Claes Gustafsson: There is no real intention from our side to focus on these subjects that you bring up. But it could be true if you go back to that, there could be some pattern. I think it has to do with the fact that, you know, Alfred Nobel, he wanted a prize that was for the greatest benefit of humankind. So it had to have consequences for humans. And I think that because we're always looking at both brilliant science but also brilliant science with sort of consequences. And maybe that's why you can see that some of the prizes are related to the area which you allude to.

Janet WangThank you so much. I think these findings are really inspiring and marvelous. Thank you.

Göran K. Hansson: Good to hear, good have you with us. More questions? Yes, the gentleman from associated press.

Associated Press: Thank you. So I understand that you spoke with the laureates, would you be able to tell us a little bit how they reacted? Have you mentioned speak to all of them and how was their initial reaction when you told them the good news?

Göran K. Hansson: Yes. We spoke to all three of them and they were all very happy and enthusiastic and accelerated. They look forward to coming here in December and they were also happy to share the prize with their colleagues. So it was all positive reactions. We spoke with Gregory Winter first, and then with Francis Arnold, and last with George Smith, and that they were all delighted. Yes, please.

THE JOURNALIST: I wonder if there are any patents in this field that have economic significance for pharmaceuticals or other products.

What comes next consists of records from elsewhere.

(* Let $\Omega_1,\dots,\Omega_n$ be formal 1-forms such that $(\nu_\Gamma(\Omega_1),\dots,\nu_\Gamma(\Omega_n))$ is the $\mathbb C[[x]]$-basis of values of $\Gamma$ (i.e. the minimal generating set of $\Lambda_\Gamma$ as a $\mathbb C[[x]]$-collection; it has exactly one element in each residue class modulo $n$, namely the minimum of $\Lambda_\Gamma$ in that class). Then $$\hat\Omega^1(\mathbb C^2,0)=\mathbb C[[x]]\,\Omega_1\oplus\cdots\oplus\mathbb C[[x]]\,\Omega_n\oplus\mathcal I_\Gamma .$$
   Context: $\Gamma$ is a singular irreducible germ of holomorphic curve at $0\in\mathbb C^2$ with Puiseux parametrization $\Gamma(t)=(t^n,\sum_{\beta\ge\beta_1}a_{\beta,\Gamma}t^\beta)$, $n\ge2$. $\hat\Omega^1(\mathbb C^2,0)$ denotes the formal 1-forms $a\,dx+b\,dy$, $a,b\in\mathbb C[[x,y]]$, a $\mathbb C[[x]]$-module. For such $\omega$ with $\Gamma^*\omega=h(t)dt$, $\nu_\Gamma(\omega)=\mathrm{ord}_th+1$ ($\infty$ if $h\equiv0$). $\Lambda_\Gamma=\{\nu_\Gamma(\omega)\}\setminus\{\infty\}$ over holomorphic 1-forms $\omega$. A $\mathbb C[[x]]$-collection is $S\subset\mathbb Z_{>0}$ with $S+n\mathbb Z_{\ge0}\subset S$. $\mathcal I_\Gamma=\{\omega\in\hat\Omega^1(\mathbb C^2,0):\Gamma^*\omega\equiv0\}$. *)

From HB Require Import structures.
From mathcomp Require Import all_boot all_order all_algebra.
From mathcomp Require Import reals Rstruct complex.
Set Implicit Arguments. Unset Strict Implicit. Unset Printing Implicit Defensive.
Import Order.TTheory GRing.Theory Num.Theory.
Local Open Scope ring_scope.

Definition C : numClosedFieldType := (Rdefinitions.R)[i].

Definition ser := nat -> C.

Definition ser_mul (f g : ser) : ser :=
  fun k => \sum_(i < k.+1) f i * g (k - i)%N.

Definition ser_one : ser := fun k => (k == 0%N)%:R.

Definition ser_pow (f : ser) (j : nat) : ser := iter j (ser_mul f) ser_one.

Definition ser_mono (m : nat) : ser := fun k => (k == m)%:R.

Definition ser_deriv (f : ser) : ser := fun k => f k.+1 *+ k.+1.
Lemma Fterm_Olift_le q n g rho d : q <> C0 -> 0 <= rho -> Fterm n (Olift q n g) rho d <= Oterm n q g rho d.
Proof. intros Hq H. rewrite Fterm_eq. unfold Oterm. apply Rmult_le_compat_r. apply pow_le; auto.
  fold (rsum (mindices n d) (fun k => Cmod (g k) * Oweight q k)). unfold deg_norm. rewrite deg_norm_partition.
  rewrite (rsum_ext _ _ (fun k => (Cmod (g k) * Oweight q k) ^ 2)).
  2:{ intros k Hk. apply in_mindices in Hk as [Hl _]. apply fiber_sqnorm_Olift; auto. }
  assert (Hn : forall k, 0 <= Cmod (g k) * Oweight q k).
  { intros; apply Rmult_le_pos. apply Cmod_ge0. left; apply Oweight_pos; auto. }
  rewrite <- (sqrt_pow2 (rsum (mindices n d) (fun k => Cmod (g k) * Oweight q k))) by (apply rsum_nonneg; auto).
  apply sqrt_le_1_alt. apply sumsq_le_sq. auto. Qed.

Lemma Olift_inF q n r g : q <> C0 -> inO n r q g -> inF n r (Olift q n g).
Proof. intros Hq [_ Hg]. split.
  - intros a Ha. unfold Olift. destruct (validb n a) eqn:E; auto. apply validb_true in E; contradiction.
  - intros rho Hr. assert (0 <= rho) by (destruct Hr; lra).
    refine (proj1 (series_comp _ _ _ (Hg rho Hr))). intros d. split. apply Fterm_nonneg; auto. apply Fterm_Olift_le; auto. Qed.

Lemma pi_q_Olift q n r g k : q <> C0 -> inO n r q g -> pi_q q n (Olift q n g) k = g k.
Proof. intros Hq [Hg _]. destruct (Nat.eq_dec (length k) n). apply pi_q_Olift_len; auto.
  rewrite pi_q_badlen, Hg; auto. Qed.

Lemma Fterm_circ_Olift q n g rho d : q <> C0 -> Fterm_circ n (Olift q n g) rho d = Oterm n q g rho d.
Proof. intros Hq. rewrite Fterm_circ_eq. unfold Oterm. f_equal.
  fold (rsum (mindices n d) (fun k => Cmod (g k) * Oweight q k)). apply rsum_ext.
  intros k Hk. apply in_mindices in Hk as [Hl _]. rewrite fiber_sqnorm_Olift by auto. apply sqrt_pow2.
  apply Rmult_le_pos. apply Cmod_ge0. left; apply Oweight_pos; auto. Qed.

Lemma Onorm_B_quotient_norm q n r rho g : q <> C0 -> rho_in r rho -> inO n r q g ->
  is_glb (fun t => exists f, inF n r f /\ (forall k, pi_q q n f k = g k) /\ t = Fnorm_circ n f rho)
         (Onorm_B n q g rho).
Proof. intros Hq Hr Hg. assert (0 <= rho) by (destruct Hr; lra). split.
  - intros t [f [Hf [Hpf ->]]]. unfold Onorm_B, Fnorm_circ.
    refine (proj2 (series_comp _ _ _ (Fterm_circ_conv n r f rho Hf Hr))). intros d. split.
    apply Oterm_nonneg; auto.
    replace (Oterm n q g rho d) with (Oterm n q (pi_q q n f) rho d).
    apply Oterm_pi_q_le_Fterm_circ; auto.
    unfold Oterm. f_equal. f_equal. apply map_ext. intros k. rewrite Hpf. auto.
  - intros eps He. exists (Onorm_B n q g rho). split; [|lra].
    exists (Olift q n g). split. apply Olift_inF; auto. split. intros; apply pi_q_Olift with r; auto.
    unfold Fnorm_circ, Onorm_B. apply series_ext. intros d. symmetry; apply Fterm_circ_Olift; auto. Qed.

Lemma pi_q_Pker q n r f k : q <> C0 -> inF n r f -> pi_q q n (Pker q n f) k = C0.
Proof. intros Hq Hf. unfold Pker. rewrite pi_q_sub. rewrite (pi_q_Olift q n r) by (auto; apply pi_q_inO; auto). Csolve. Qed.

Lemma Pker_inF q n r f : q <> C0 -> inF n r f -> inF n r (Pker q n f).
Proof. intros Hq Hf. unfold Pker. apply inF_sub; auto. apply Olift_inF; auto. apply pi_q_inO; auto. Qed.

Lemma Fterm_Pker_le q n f rho d : q <> C0 -> 0 <= rho -> Fterm n (Pker q n f) rho d <= Fterm n f rho d.
Proof. intros Hq H. rewrite !Fterm_eq. apply Rmult_le_compat_r. apply pow_le; auto.
  unfold deg_norm. apply sqrt_le_1_alt. rewrite !deg_norm_partition. apply rsum_le.
  intros k Hk. apply in_mindices in Hk as [Hl _]. rewrite fiber_sqnorm_Pker by auto.
  pose proof (pow2_ge_0 (Oweight q k)). pose proof (pow2_ge_0 (Cmod (pi_q q n f k))). nra. Qed.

Göran K. Hansson: Sara? Would you like to answer?

Sara: Yes, Francis Arnold holds a whole range of patents. Enzymes that make bio-fuels, for example. So you can now make fossil free fuels for cars and airplanes based on her technology.

THE JOURNALIST: From what substances?

Sara: From different grown substances which is not taken out of the fossil reserves. So we knew about resources. I think she holds something like ten to fifteen patents. I am not aware the exact number. Gregory Winter also holds patents for some of the antibodies that are derived by the phage displace technology.

Göran K. Hansson: Thank you. More questions? This is your chance. Yes, please.

Green Post: Thank you. I’d like to ask you to use simple words to explain short, how significant their discoveries are.

Göran K. Hansson: I'd say very significant, but I can sort our chance to say something more.

Sara: We start with the first half. One significant is that you can now use enzymes to speed up, in principle, any reaction you want using these protocols. And you can derive enzymes that we place previous toxic catalysts in industrial processes. So I think it has a very huge significance. And the second half makes it possible to do fully human antibodies using the phage they played. These libraries are now composed of fully human lives’ antibodies from the adapted. And they can be made to be very high affinity and specificity so that you can use very small amounts in treatment.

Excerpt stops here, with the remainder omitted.